ACTION ITEM:
Restate word for word the entries below, starting with the line with "by rewrite size_tuple." and continuing through the line with "suff sum_lt_p_min : \sum_(i". Include both of those lines and no others.

DATA SHOWN:

(* Fix $p\le 5$ and a relative order $R$ of length $p$. Let $n_1,\dots,n_h$ and $n'_1,\dots,n'_h$ be nonnegative integers with $n'_a\le n_a$ for all $a$, $\sum_a(n_a-n'_a)\le 5$, and $n'=\sum_a n'_a\ge p$ (the $n'_a$ may be $0$); let $n=\sum_a n_a$. Let $P_1$ be the probability that $(\pi(1),\dots,\pi(p))$ has relative order $R$ when $\pi$ is a uniformly distributed permutation of $\{1^{n_1},\dots,h^{n_h}\}$, and $P_2$ the same probability when $\pi$ is a uniformly distributed permutation of $\{1^{n'_1},\dots,h^{n'_h}\}$. Then $|P_1-P_2|\le C/n$ for an absolute constant $C$ (independent of $h$, $n$, the $n_a$, the $n'_a$, and $R$).
   Context: A permutation of the multiset $\{1^{m_1},\dots,h^{m_h}\}$ is a sequence $(\pi(1),\dots,\pi(m))$, $m=\sum m_a$, in which each $a$ occurs exactly $m_a$ times; uniformly distributed means all such sequences are equally likely. The relative order of a sequence $s_1,\dots,s_p$ is the ordered partition of $\{1,\dots,p\}$ obtained by putting $q$ and $r$ in the same block iff $s_q=s_r$, with blocks ordered by increasing common value of $s_q$. *)

From mathcomp Require Import all_boot all_order all_algebra.
Set Implicit Arguments. Unset Strict Implicit. Unset Printing Implicit Defensive.
Import Order.TTheory GRing.Theory Num.Theory.

(* Positions are 0-based: position q : 'I_p stands for q+1 in {1,...,p};
   letters a : 'I_h stand for a+1 in {1,...,h}. *)

(* Relative order of the first p entries of a sequence s (of letters, as
   nats): the ordered partition of the positions {0,...,p-1}, q and r in the
   same block iff s_q = s_r, blocks ordered by increasing common value. *)
Definition relorder (p : nat) (s : seq nat) : seq {set 'I_p} :=
  [seq [set q : 'I_p | nth 0 s q == v] | v <- sort leq (undup (take p s))].

(* R is an ordered partition of {0,...,p-1}: nonempty blocks, pairwise
   disjoint (total size p), covering everything. *)
Definition ordered_partition (p : nat) (R : seq {set 'I_p}) : bool :=
  [&& set0 \notin R,
      \sum_(B <- R) #|B| == p &
      \bigcup_(B <- R) B == [set: 'I_p]].

Definition mperms (h : nat) (m : 'I_h -> nat) :
  {set (\sum_(a < h) m a).-tuple 'I_h} :=
  [set t : (\sum_(a < h) m a).-tuple 'I_h | [forall a : 'I_h, count_mem a (tval t) == m a]].

Definition prob_relorder (h : nat) (m : 'I_h -> nat) (p : nat)
    (R : seq {set 'I_p}) : rat :=
  (#|[set t in mperms m | relorder p (map val t) == R]|%:R
     / #|mperms m|%:R)%R.

From mathcomp Require Import all_boot all_order all_algebra.
From mathcomp Require Import zify ring lra.
Import Order.TTheory GRing.Theory Num.Theory.
Set Implicit Arguments. Unset Strict Implicit. Unset Printing Implicit Defensive.

(* Let m be m' with one more copy of a letter a, and count the pairs (t, i)
   with t a permutation of m whose i-th entry is a.  There are m_a N of them
   having the pattern R (N permutations of m have it), while for a fixed
   position i, deleting t_i is a bijection onto the permutations of m'; when
   i >= p this deletion does not touch the first p entries, so it preserves
   the pattern.  Hence m_a N and (n' + 1) N' differ by at most p M', where
   N' (resp. M') counts the permutations of m' with the pattern (resp. all of
   them), and |P - P'| <= p / (n' + 1).  Removing the at most five extra
   letters one at a time gives |P_1 - P_2| <= 25 / (n' + 1) <= 125 / n. *)

Section InsertDelete.
Variable T : eqType.
Implicit Types (s : seq T) (x y : T).

Definition insert_at i x s := take i s ++ x :: drop i s.
Definition delete_at i s := take i s ++ drop i.+1 s.

Lemma size_insert_at i x s : size (insert_at i x s) = (size s).+1.
Proof. rewrite /insert_at size_cat /= size_take size_drop; case: ltnP; lia. Qed.

Lemma size_delete_at i s : i < size s -> size (delete_at i s) = (size s).-1.
Proof. move=> lt_i_s; rewrite /delete_at size_cat size_take size_drop lt_i_s; lia. Qed.

Lemma insert_atK i x s : i <= size s -> delete_at i (insert_at i x s) = s.
Proof.
move=> le_i_s; have size_take_i : size (take i s) = i by rewrite size_takel.
rewrite /delete_at /insert_at take_size_cat // drop_cat size_take_i ltnNge leqnSn.
by rewrite /= subSnn /= drop0 cat_take_drop.
Qed.

Lemma delete_atK x0 i s : i < size s -> insert_at i (nth x0 s i) (delete_at i s) = s.
Proof.
move=> lt_i_s; have size_take_i : size (take i s) = i by rewrite size_takel // ltnW.
rewrite /delete_at /insert_at take_size_cat // drop_cat size_take_i ltnn subnn drop0.
by rewrite -(drop_nth x0 lt_i_s) cat_take_drop.
Qed.

Lemma count_mem_insert_at i x y s :
  count_mem y (insert_at i x s) = count_mem y s + (x == y).
Proof. rewrite /insert_at count_cat /= -[in RHS](cat_take_drop i s) count_cat; lia. Qed.

Lemma nth_insert_at x0 i x s : i <= size s -> nth x0 (insert_at i x s) i = x.
Proof.
move=> le_i_s; have size_take_i : size (take i s) = i by rewrite size_takel.
by rewrite /insert_at nth_cat size_take_i ltnn subnn.
Qed.

Lemma take_insert_at p i x s :
  p <= i -> i <= size s -> take p (insert_at i x s) = take p s.
Proof.
move=> le_p_i le_i_s; have size_take_i : size (take i s) = i by rewrite size_takel.
rewrite /insert_at take_cat size_take_i; case: ltnP => [lt_p_i|le_i_p].
  by rewrite take_takel.
have -> : p = i by lia.
by rewrite subnn take0 cats0.
Qed.

Lemma tinsert_proof n i x (t : n.-tuple T) : size (insert_at i x t) == n.+1.
Proof. by rewrite size_insert_at size_tuple. Qed.
Definition tinsert n i x (t : n.-tuple T) : n.+1.-tuple T :=
  Tuple (tinsert_proof i x t).

Lemma tdelete_proof n (i : 'I_n.+1) (t : n.+1.-tuple T) : size (delete_at i t) == n.
Proof. by rewrite size_delete_at size_tuple. Qed.
Definition tdelete n (i : 'I_n.+1) (t : n.+1.-tuple T) : n.-tuple T :=
  Tuple (tdelete_proof i t).

Lemma tinsertK n (i : 'I_n.+1) x : cancel (@tinsert n i x) (tdelete i).
Proof. by move=> t; apply: val_inj; rewrite /= insert_atK // size_tuple -ltnS. Qed.

Lemma tdeleteK n (i : 'I_n.+1) x (t : n.+1.-tuple T) :
  tnth t i = x -> tinsert i x (tdelete i t) = t.
Proof.
move=> t_i; apply: val_inj; rewrite /= -{1}t_i (tnth_nth x) delete_atK //.
by rewrite size_tuple.
Qed.

End InsertDelete.

Lemma sum_eventually_const_bound k p x M (c : 'I_k -> nat) :
  x <= M -> (forall i, c i <= M) -> (forall i : 'I_k, p <= i -> c i = x) ->
  \sum_i c i <= k * x + p * M /\ k * x <= \sum_i c i + p * M.
Proof.
move=> le_x_M le_c_M c_eq.
have sum_lt_p : \sum_(i < k) (i < p : nat) * M <= p * M.
  suff sum_lt_p_min : \sum_(i < k) (i < p : nat) = minn k p.
    by rewrite -big_distrl /= sum_lt_p_min leq_mul2r geq_minr orbT.
  elim: k {c c_eq le_c_M} => [|k IHk]; first by rewrite big_ord0 min0n.
  by rewrite big_ord_recr /= IHk; case: ltnP; lia.
have -> : k * x = \sum_(i < k) x by rewrite sum_nat_const card_ord.
split; apply: leq_trans (leq_add (leqnn _) sum_lt_p); rewrite -big_split;
  apply: leq_sum => i _; case: ltnP => [_|le_p_i] /=.
- by rewrite mul1n (leq_trans (le_c_M i)) ?leq_addl.
- by rewrite c_eq // addn0.
- by rewrite mul1n (leq_trans le_x_M) ?leq_addl.
- by rewrite c_eq // addn0.
Qed.

Section Counts.
Variable h : nat.
Implicit Types (m : 'I_h -> nat) (s : seq 'I_h) (G : pred (seq 'I_h)).

Definition has_counts m s := [forall b, count_mem b s == m b].

Definition card_perms_with n m G :=
  #|[set t : n.-tuple 'I_h | has_counts m t && G t]|.

Lemma eq_has_counts m1 m2 : m1 =1 m2 -> has_counts m1 =1 has_counts m2.
Proof. by move=> eq_m s; apply: eq_forallb => b; rewrite eq_m. Qed.

Variables (m' : 'I_h -> nat) (a : 'I_h) (G : pred (seq 'I_h)).
Let m b := m' b + (b == a).

Lemma has_counts_insert_at i s : has_counts m (insert_at i a s) = has_counts m' s.
Proof.
by apply: eq_forallb => b; rewrite count_mem_insert_at /m [a == b]eq_sym eqn_add2r.
Qed.

Lemma card_perms_with_letter_at n (i : 'I_n.+1) :
  #|[set t : n.+1.-tuple 'I_h | has_counts m t && (tnth t i == a) && G t]|
  = #|[set t : n.-tuple 'I_h | has_counts m' t && G (insert_at i a t)]|.
Proof.
rewrite -(card_imset _ (can_inj (tinsertK i a))); apply: eq_card => t.
rewrite inE; apply/idP/imsetP => [/andP[/andP[counts_t /eqP t_i] G_t]|[t' + ->]].
  exists (tdelete i t); last by rewrite tdeleteK.
  have ins_del : insert_at i a (tdelete i t) = t := congr1 val (tdeleteK t_i).
  by rewrite inE -(has_counts_insert_at i) ins_del counts_t.
rewrite inE /= has_counts_insert_at => /andP[-> ->].
by rewrite (tnth_nth a) nth_insert_at ?eqxx // size_tuple -ltnS.
Qed.

Lemma sum_card_perms_with_letter_at n :
  \sum_(i < n.+1) #|[set t : n.+1.-tuple 'I_h | has_counts m t && (tnth t i == a) && G t]|
  = m a * card_perms_with n.+1 m G.
Proof.
under eq_bigr do rewrite -sum1_card big_mkcond /=.
rewrite exchange_big /= mulnC -sum_nat_const [RHS]big_mkcond /=.
apply: eq_bigr => t _; rewrite inE.
under eq_bigr do rewrite inE.
case counts_t: (has_counts m t); case: (G t) => /=; last 3 first.
- by rewrite big1 // => i; rewrite andbF.
- by rewrite big1.
- by rewrite big1.
under eq_bigr do rewrite andbT.
move/forallP/(_ a)/eqP: counts_t => <-.
by rewrite -sum1_count big_tuple [RHS]big_mkcond.
Qed.

Variable p : nat.
Hypothesis G_take : forall s, G s = G (take p s).

Lemma card_perms_with_one_more n :
  let N := card_perms_with n.+1 m G in
  let N' := card_perms_with n m' G in
  let M' := card_perms_with n m' predT in
  m a * N <= n.+1 * N' + p * M' /\ n.+1 * N' <= m a * N + p * M'.
Proof.
rewrite /= -sum_card_perms_with_letter_at.
under eq_bigr do rewrite card_perms_with_letter_at.
apply: sum_eventually_const_bound => [|i|i le_p_i].
- by apply: subset_leq_card; apply/subsetP => t; rewrite !inE => /andP[->].
- by apply: subset_leq_card; apply/subsetP => t; rewrite !inE => /andP[->].
- apply: eq_card => t; rewrite !inE G_take [in RHS]G_take take_insert_at //.
  by rewrite size_tuple -ltnS.
Qed.

End Counts.

Local Open Scope ring_scope.

Lemma natr_dist_le (R : realDomainType) (x y z : nat) :
  (x <= y + z)%N -> (y <= x + z)%N -> `|x%:R - y%:R| <= z%:R :> R.
Proof.
rewrite -!(ler_nat R) !natrD => le_x le_y.
by rewrite ler_norml; apply/andP; split; lra.
Qed.

Lemma dist_ratio_le (F : realFieldType) (k l N M N' M' e : F) :
  0 < k -> 0 < l -> 0 <= M' -> 0 <= e ->
  k * M = l * M' -> `|k * N - l * N'| <= e * M' ->
  `|N / M - N' / M'| <= e / l.
Proof.
move=> k_gt0 l_gt0 M'_ge0 e_ge0 eq_M le_N.
have [M'0|M'_neq0] := eqVneq M' 0.
  have M0 : M = 0 by apply/eqP; move/eqP: eq_M; rewrite M'0 mulr0 mulf_eq0 gt_eqF.
  by rewrite M0 M'0 !invr0 !mulr0 subrr normr0 divr_ge0 // ltW.
have M'_gt0 : 0 < M' by rewrite lt_def M'_neq0.
have -> : M = l * M' / k by rewrite -eq_M [k * M]mulrC mulfK ?gt_eqF.
have -> : N / (l * M' / k) - N' / M' = (k * N - l * N') / (l * M').
  by field; rewrite M'_neq0 !gt_eqF.
rewrite normrM normfV (gtr0_norm (mulr_gt0 l_gt0 M'_gt0)) ler_pdivrMr ?mulr_gt0 //.
by rewrite mulrA divfK ?gt_eqF.
Qed.

Definition has_relorder {h} p (R : seq {set 'I_p}) (s : seq 'I_h) :=
  relorder p (map val s) == R.

Lemma has_relorder_take p (R : seq {set 'I_p}) h (s : seq 'I_h) :
  has_relorder R s = has_relorder R (take p s).
Proof.
rewrite /has_relorder /relorder map_take take_takel //; congr (_ == _).
by apply: eq_map => v; apply/setP => q; rewrite !inE nth_take.
Qed.

Lemma prob_relorderE h (m : 'I_h -> nat) p (R : seq {set 'I_p}) n :
  (\sum_a m a)%N = n ->
  prob_relorder m R
  = (card_perms_with n m (has_relorder R))%:R / (card_perms_with n m predT)%:R.
Proof.
move=> <-; congr (_%:R / _%:R); apply: eq_card => t; rewrite !inE ?andbT //.
Qed.

Lemma eq_prob_relorder h (m1 m2 : 'I_h -> nat) p (R : seq {set 'I_p}) :
  m1 =1 m2 -> prob_relorder m1 R = prob_relorder m2 R.
Proof.
move=> eq_m; have eq_sum : (\sum_a m2 a = \sum_a m1 a)%N by apply/esym/eq_bigr.
rewrite (prob_relorderE R (erefl _)) (prob_relorderE R eq_sum).
by congr (_%:R / _%:R); apply: eq_card => t; rewrite !inE (eq_has_counts eq_m).
Qed.

Lemma sum_indicator1 h (a : 'I_h) : (\sum_b (b == a : nat))%N = 1%N.
Proof. by rewrite (bigD1 a) //= eqxx big1 // => b /negbTE ->. Qed.

Lemma prob_relorder_one_more h (m' : 'I_h -> nat) a p (R : seq {set 'I_p}) :
  `|prob_relorder (fun b => m' b + (b == a))%N R - prob_relorder m' R|
    <= p%:R / (\sum_b m' b).+1%:R.
Proof.
set n := (\sum_b m' b)%N.
have sum_m : (\sum_b (m' b + (b == a)) = n.+1)%N.
  by rewrite big_split /= sum_indicator1 addn1.
rewrite (prob_relorderE R sum_m) (prob_relorderE R (erefl n)).
have [pat_le pat_ge] := card_perms_with_one_more m' a (@has_relorder_take p R h) n.
have [all_le all_ge] := @card_perms_with_one_more h m' a predT 0 (fun _ => erefl) n.
rewrite /= !mul0n !addn0 in pat_le pat_ge all_le all_ge.
apply: (@dist_ratio_le _ (m' a + (a == a))%:R); rewrite ?ltr0n ?ler0n //.
- by rewrite eqxx addn1.
- by rewrite -!natrM; congr _%:R; apply/eqP; rewrite eqn_leq all_le all_ge.
- by rewrite -!natrM natr_dist_le.
Qed.

Lemma prob_relorder_dist h p (R : seq {set 'I_p}) d (m m' : 'I_h -> nat) :
  (forall a, m' a <= m a)%N -> (\sum_a (m a - m' a))%N = d ->
  `|prob_relorder m R - prob_relorder m' R| <= d%:R * p%:R / (\sum_a m' a).+1%:R.
Proof.
elim: d m => [|d IHd] m le_m'_m sum_d.
  have eq_m b : m b = m' b.
    move/eqP: sum_d; rewrite sum_nat_eq0 => /forallP/(_ b)/eqP.
    by have := le_m'_m b; lia.
  by rewrite (eq_prob_relorder R eq_m) subrr normr0 !mul0r.
have : (\sum_a (m a - m' a) != 0)%N by rewrite sum_d.
rewrite sum_nat_eq0 negb_forall => /existsP[a /= diff_a_neq0].
pose m1 b := (m b - (b == a))%N.
have eq_m b : m b = (m1 b + (b == a))%N.
  by rewrite /m1; case: eqP => [->|_]; lia.
have le_m'_m1 b : (m' b <= m1 b)%N.
  by rewrite /m1; case: eqP => [->|_]; have := le_m'_m b; lia.
have sum_d1 : (\sum_b (m1 b - m' b))%N = d.
  apply/eqP; rewrite -eqSS -sum_d -addn1 -(sum_indicator1 a) -big_split /=.
  by apply/eqP/eq_bigr => b _; rewrite /m1; case: eqP => [->|_]; have := le_m'_m b; lia.
have le_sum : (\sum_b m' b <= \sum_b m1 b)%N by apply: leq_sum.
apply: le_trans (ler_distD (prob_relorder m1 R) _ _) _.
rewrite (eq_prob_relorder R eq_m) -addn1 natrD !mulrDl mul1r [leRHS]addrC.
apply: lerD; last exact: IHd m1 le_m'_m1 sum_d1.
apply: le_trans (prob_relorder_one_more m1 a R) _.
apply: ler_wpM2l; first exact: ler0n.
by rewrite lef_pV2 ?posrE ?ltr0n // ler_nat ltnS.
Qed.

Theorem lemma2p9 :
  exists C : rat,
    forall (p : nat) (R : seq {set 'I_p}) (h : nat) (m m' : 'I_h -> nat),
      (p <= 5)%N ->
      @ordered_partition p R ->
      (forall a, m' a <= m a)%N ->
      (\sum_(a < h) (m a - m' a) <= 5)%N ->
      (p <= \sum_(a < h) m' a)%N ->
      `|@prob_relorder h m p R - @prob_relorder h m' p R|
        <= C / (\sum_(a < h) m a)%:R.
Proof.
exists 125%:R => p R h m m' le_p5 _ le_m'_m le_d5 _.
apply: le_trans (prob_relorder_dist R le_m'_m (erefl _)) _.
set d := (\sum_a (m a - m' a))%N in le_d5 *; set n' := (\sum_a m' a)%N.
have -> : (\sum_a m a = n' + d)%N.
  by rewrite -big_split /=; apply: eq_bigr => a _; have := le_m'_m a; lia.
have [->|d_gt0] := posnP d; first by rewrite mulr0n !mul0r divr_ge0 ?ler0n.
have n'1_gt0 : 0 < n'.+1%:R :> rat by rewrite ltr0n.
have n_gt0 : 0 < (n' + d)%:R :> rat by rewrite ltr0n addn_gt0 d_gt0 orbT.
rewrite (ler_pdivrMr _ _ n'1_gt0) mulrAC (ler_pdivlMr _ _ n_gt0) -!natrM ler_nat.
apply: leq_trans (leq_mul (leq_mul le_d5 le_p5) (leq_add (leqnn n') le_d5)) _.
lia.
Qed.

FINISHED TASK:
by rewrite size_tuple.
Qed.

End InsertDelete.

Lemma sum_eventually_const_bound k p x M (c : 'I_k -> nat) :
  x <= M -> (forall i, c i <= M) -> (forall i : 'I_k, p <= i -> c i = x) ->
  \sum_i c i <= k * x + p * M /\ k * x <= \sum_i c i + p * M.
Proof.
move=> le_x_M le_c_M c_eq.
have sum_lt_p : \sum_(i < k) (i < p : nat) * M <= p * M.
  suff sum_lt_p_min : \sum_(i < k) (i < p : nat) = minn k p.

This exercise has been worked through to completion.